Immune-related pneumonitis requiring low-dose prednisone maintenance in one patient with durable complete response.

INTRODUCTION

Immune-related pneumonitis is an uncommon but potentially life-threatening adverse event associated with anti-programmed cell death protein-1 therapy, and has a higher recurrence rate than that of other pneumonitis. Glucocorticoids are the first treatment of choice for patients with immune-related pneumonitis over grade 1. Given the toxicity associated with glucocorticoids, they should be withdrawn gradually as soon as pneumonitis is controlled.

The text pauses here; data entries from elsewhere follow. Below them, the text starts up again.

(* Let $A$ and $B$ be automata such that $B$ is deterministic and $A\le_{*T}B$. Then $A\le_F B$.
   Context: An automaton $A$ consists of a set $\mathrm{states}(A)$ of states, a nonempty set $\mathrm{start}(A)\subseteq\mathrm{states}(A)$ of start states, a set $\mathrm{acts}(A)$ of actions containing a distinguished internal action $\tau$, and a set $\mathrm{steps}(A)\subseteq\mathrm{states}(A)\times\mathrm{acts}(A)\times\mathrm{states}(A)$ of steps; write $s\xrightarrow{a}_A t$ for $(s,a,t)\in\mathrm{steps}(A)$. An execution fragment of $A$ is a finite or infinite alternating sequence $s_0a_1s_1a_2s_2\cdots$ of states and actions, beginning with a state and, if finite, ending with a state, such that $s_{i-1}\xrightarrow{a_i}_A s_i$ for all $i>0$. An execution is an execution fragment whose first state is a start state. The trace of an execution fragment is the subsequence of its non-$\tau$ actions; a trace of $A$ is the trace of some execution of $A$, and $\mathrm{traces}^*(A)$ is the set of finite traces of $A$. $A\le_{*T}B$ means $\mathrm{traces}^*(A)\subseteq\mathrm{traces}^*(B)$. For states $s,t$ and a finite sequence $\beta$ of non-$\tau$ actions, write $s\stackrel{\beta}{\Rightarrow}_A t$ if $A$ has a finite execution fragment starting in $s$, with trace $\beta$, ending in $t$. $A$ is deterministic if $|\mathrm{start}(A)|=1$ and for every state $s$ and finite sequence $\beta$ of non-$\tau$ actions there is at most one $t$ with $s\stackrel{\beta}{\Rightarrow}_A t$. For a relation $R$ write $R[s]=\{u\mid (s,u)\in R\}$. A normed forward simulation from $A$ to $B$ is a pair $(f,n)$ where $f\subseteq\mathrm{states}(A)\times\mathrm{states}(B)$ and $n:\mathrm{steps}(A)\times\mathrm{states}(B)\to S$ for some set $S$ with a well-founded strict order $<$, such that: (1) if $s\in\mathrm{start}(A)$ then $f[s]\cap\mathrm{start}(B)\neq\emptyset$; (2) if $s\xrightarrow{a}_A t$ and $u\in f[s]$ then (a) $u\in f[t]$ and $a=\tau$, or (b) there is $v\in f[t]$ with $u\xrightarrow{a}_B v$, or (c) there is $v\in f[s]$ with $u\xrightarrow{\tau}_B v$ and $n(s\xrightarrow{a}t,v)<n(s\xrightarrow{a}t,u)$. Write $A\le_F B$ if one exists. *)

From Stdlib Require Import List Relations Wellfounded RelationClasses.
Import ListNotations.

Record automaton (Act : Type) (tau : Act) := {
  state : Type;
  start : state -> Prop;
  acts : Act -> Prop;
  step : state -> Act -> state -> Prop;
  start_nonempty : exists s, start s;
  tau_in_acts : acts tau;
  step_acts : forall s a t, step s a t -> acts a
}.
Arguments state {Act tau} _.
Arguments start {Act tau} _ _.
Arguments acts {Act tau} _ _.
Arguments step {Act tau} _ _ _ _.

Inductive frag {Act : Type} {tau : Act} (A : automaton Act tau)
  : state A -> list Act -> state A -> Prop :=
| frag_nil : forall s, frag A s [] s
| frag_tau : forall s u beta t,
    step A s tau u -> frag A u beta t -> frag A s beta t
| frag_vis : forall s a u beta t,
    a <> tau -> step A s a u -> frag A u beta t -> frag A s (a :: beta) t.

Definition ftrace {Act : Type} {tau : Act} (A : automaton Act tau)
  (beta : list Act) : Prop :=
  exists s t, start A s /\ frag A s beta t.

Definition ftrace_incl {Act : Type} {tau : Act} (A B : automaton Act tau) : Prop :=
  forall beta, ftrace A beta -> ftrace B beta.

Definition deterministic {Act : Type} {tau : Act} (A : automaton Act tau) : Prop :=
  (exists s0, forall s, start A s <-> s = s0) /\
  forall s beta t1 t2,
    Forall (fun a => a <> tau) beta ->
    frag A s beta t1 -> frag A s beta t2 -> t1 = t2.

Definition normed_fsim {Act : Type} {tau : Act} (A B : automaton Act tau)
  (S : Type) (lt : S -> S -> Prop)
  (f : state A -> state B -> Prop)
  (n : state A -> Act -> state A -> state B -> S) : Prop :=
  (forall s, start A s -> exists u, f s u /\ start B u) /\
  (forall s a t u, step A s a t -> f s u ->
     (f t u /\ a = tau) \/
     (exists v, f t v /\ step B u a v) \/
     (exists v, f s v /\ step B u tau v /\ lt (n s a t v) (n s a t u))).

Definition fsim_le {Act : Type} {tau : Act} (A B : automaton Act tau) : Prop :=
  exists (S : Type) (lt : S -> S -> Prop)
         (f : state A -> state B -> Prop)
         (n : state A -> Act -> state A -> state B -> S),
    StrictOrder lt /\ well_founded lt /\ normed_fsim A B S lt f n.

(* Take f to relate s with the unique state of B reached, from its start state, by a trace
   leading to s in A.  A visible step s -a-> t of A extends such a trace, so by trace
   inclusion and determinism B can match it from u by some tau steps followed by a; the norm
   is the least number of tau steps needed, which drops by one along the first tau step. *)
From Stdlib Require Import List Arith Wf_nat.
From Stdlib Require Import ClassicalEpsilon Classical.
Import ListNotations.

Definition least (P : nat -> Prop) : nat :=
  epsilon (inhabits 0) (fun k => P k /\ forall j, P j -> k <= j).

Lemma least_spec (P : nat -> Prop) :
  (exists k, P k) -> P (least P) /\ forall j, P j -> least P <= j.
Proof.
  intros HP.
  apply (epsilon_spec (inhabits 0) (fun k => P k /\ forall j, P j -> k <= j)).
  destruct (dec_inh_nat_subset_has_unique_least_element P (fun k => classic (P k)) HP)
    as [k [Hk _]].
  now exists k.
Qed.

Section Fragments.
Context {Act : Type} {tau : Act} (B : automaton Act tau).

Inductive tau_path : state B -> nat -> state B -> Prop :=
| tau_path0 u : tau_path u 0 u
| tau_pathS u v k y : step B u tau v -> tau_path v k y -> tau_path u (S k) y.

Lemma frag_visible s beta t : frag B s beta t -> Forall (fun a => a <> tau) beta.
Proof. induction 1; auto. Qed.

Lemma frag_cat s beta1 m beta2 t :
  frag B s beta1 m -> frag B m beta2 t -> frag B s (beta1 ++ beta2) t.
Proof. induction 1; intros; simpl; eauto using frag. Qed.

Lemma frag_catr s beta t t' : frag B s beta t -> step B t tau t' -> frag B s beta t'.
Proof.
  intros Hs Ht. rewrite <- (app_nil_r beta). eauto using frag_cat, frag.
Qed.

Lemma frag_rcons s beta t a t' :
  a <> tau -> frag B s beta t -> step B t a t' -> frag B s (beta ++ [a]) t'.
Proof. eauto using frag_cat, frag. Qed.

Lemma frag_cat_inv s beta1 beta2 t :
  frag B s (beta1 ++ beta2) t -> exists m, frag B s beta1 m /\ frag B m beta2 t.
Proof.
  remember (beta1 ++ beta2) as beta eqn:E. intros H. revert beta1 E.
  induction H as [s|s u beta t Hs Hf IH|s a u beta t Ha Hs Hf IH]; intros beta1 E.
  - destruct beta1, beta2; try discriminate. eauto using frag.
  - destruct (IH beta1 E) as [m [H1 H2]]. eauto using frag.
  - destruct beta1 as [|c beta1]; simpl in E; subst.
    + eauto using frag.
    + injection E as -> ->. destruct (IH beta1 eq_refl) as [m [H1 H2]]. eauto using frag.
Qed.

Lemma frag1_inv s a t :
  frag B s [a] t -> exists k y z, tau_path s k y /\ step B y a z.
Proof.
  remember [a] as beta eqn:E. intros H.
  induction H as [s|s u beta t Hs _ IH|s c u beta t _ Hs _ _]; [discriminate| |].
  - destruct (IH E) as [k [y [z [Hp Hy]]]]. exists (S k), y, z. eauto using tau_path.
  - injection E as -> _. exists 0, s, u. eauto using tau_path.
Qed.

Lemma tau_path_frag1 s k y a z :
  a <> tau -> tau_path s k y -> step B y a z -> frag B s [a] z.
Proof. intros Ha Hp. induction Hp; eauto using frag. Qed.

End Fragments.

Section DeterministicSimulation.
Context {Act : Type} {tau : Act} (A B : automaton Act tau) (u0 : state B).
Hypothesis start_B : forall u, start B u <-> u = u0.
Hypothesis determinism : forall s beta t1 t2,
  Forall (fun a => a <> tau) beta -> frag B s beta t1 -> frag B s beta t2 -> t1 = t2.
Hypothesis trace_incl : ftrace_incl A B.

Definition sim (s : state A) (u : state B) : Prop :=
  exists beta s0, start A s0 /\ frag A s0 beta s /\ frag B u0 beta u.

Definition matches_after (a : Act) (t : state A) (u : state B) (k : nat) : Prop :=
  exists y z, tau_path B u k y /\ step B y a z /\ sim t z.

Definition sim_norm (s : state A) (a : Act) (t : state A) (u : state B) : nat :=
  least (matches_after a t u).

Lemma sim_start s : start A s -> sim s u0.
Proof. intros Hs. exists [], s. split; [exact Hs | split; apply frag_nil]. Qed.

Lemma sim_tau_stepA s t u : sim s u -> step A s tau t -> sim t u.
Proof.
  intros [beta [s0 [Hs0 [HA HB]]]] Hst. exists beta, s0. eauto using frag_catr.
Qed.

Lemma sim_tau_stepB s u v : sim s u -> step B u tau v -> sim s v.
Proof.
  intros [beta [s0 [Hs0 [HA HB]]]] Huv. exists beta, s0. eauto using frag_catr.
Qed.

Lemma sim_visible_match s a t u :
  a <> tau -> sim s u -> step A s a t -> exists k, matches_after a t u k.
Proof.
  intros Ha [beta [s0 [Hs0 [HA HB]]]] Hst.
  assert (HAa : frag A s0 (beta ++ [a]) t) by eauto using frag_rcons.
  destruct (trace_incl (beta ++ [a])) as [v0 [w [Hv0 Hw]]]; [now exists s0, t|].
  apply start_B in Hv0 as ->.
  destruct (frag_cat_inv B _ _ _ _ Hw) as [m [Hm Hmw]].
  assert (m = u) as -> by exact (determinism _ _ _ _ (frag_visible B _ _ _ HB) Hm HB).
  destruct (frag1_inv B _ _ _ Hmw) as [k [y [z [Hp Hy]]]].
  exists k, y, z. repeat split; auto.
  exists (beta ++ [a]), s0. repeat split; auto.
  eapply frag_cat; eauto using tau_path_frag1.
Qed.

Lemma sim_normed_fsim : normed_fsim A B nat lt sim sim_norm.
Proof.
  split; [intros s Hs; exists u0; split; [now apply sim_start | now apply start_B]|].
  intros s a t u Hst Hsu.
  destruct (classic (a = tau)) as [->|Ha]; [left; eauto using sim_tau_stepA|right].
  destruct (least_spec _ (sim_visible_match s a t u Ha Hsu Hst)) as [[y [z [Hp [Hy Hz]]]] _].
  unfold sim_norm.
  inversion Hp as [|? v k ? Huv Hvy Hk]; subst; [left; eauto|right].
  exists v. repeat split; eauto using sim_tau_stepB.
  assert (Hv : matches_after a t v k) by (exists y, z; auto).
  apply Nat.lt_succ_r, (least_spec _ (ex_intro _ k Hv)), Hv.
Qed.

End DeterministicSimulation.

Theorem mainTheorem5 (Act : Type) (tau : Act) (A B : automaton Act tau) :
  deterministic B -> ftrace_incl A B -> fsim_le A B.
Proof.
  intros [[u0 start_B] determinism] trace_incl.
  exists nat, lt, (sim A B u0), (sim_norm A B u0).
  split; [exact Nat.lt_strorder|].
  split; [exact lt_wf|].
  exact (sim_normed_fsim A B u0 start_B determinism trace_incl).
Qed.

However, low-dose glucocorticoids are maintained in some patients to prevent immune-related pneumonitis.

CASE REPORT

We report a rare case of a patient with Hodgkin lymphoma who developed grade 2 immune-related pneumonitis, requiring long-term low-dose glucocorticoid maintenance therapy, during which pneumonitis disappeared, and complete response was achieved.

MANAGEMENT AND OUTCOME

Tislelizumab treatment was stopped tentatively, and the patient was given prednisone at an initiating dose of 1 mg/kg/d. The cough symptoms were relieved significantly, and pneumonitis was reduced. The prednisone gradually dwindled, but the immune-related pneumonitis was recurrent, requiring prednisone 10 mg daily maintenance therapy. Subsequently, prednisone and tislelizumab were administered simultaneously, and at present, pneumonitis disappeared and the lesions are in complete remission.

DISCUSSION

Low-dose glucocorticoids might play an important role in controlling the recurrence and development of immune-related pneumonitis. The dose and course of glucocorticoid in immune-related pneumonitis patients should be individualized to minimize the toxicity of glucocorticoid.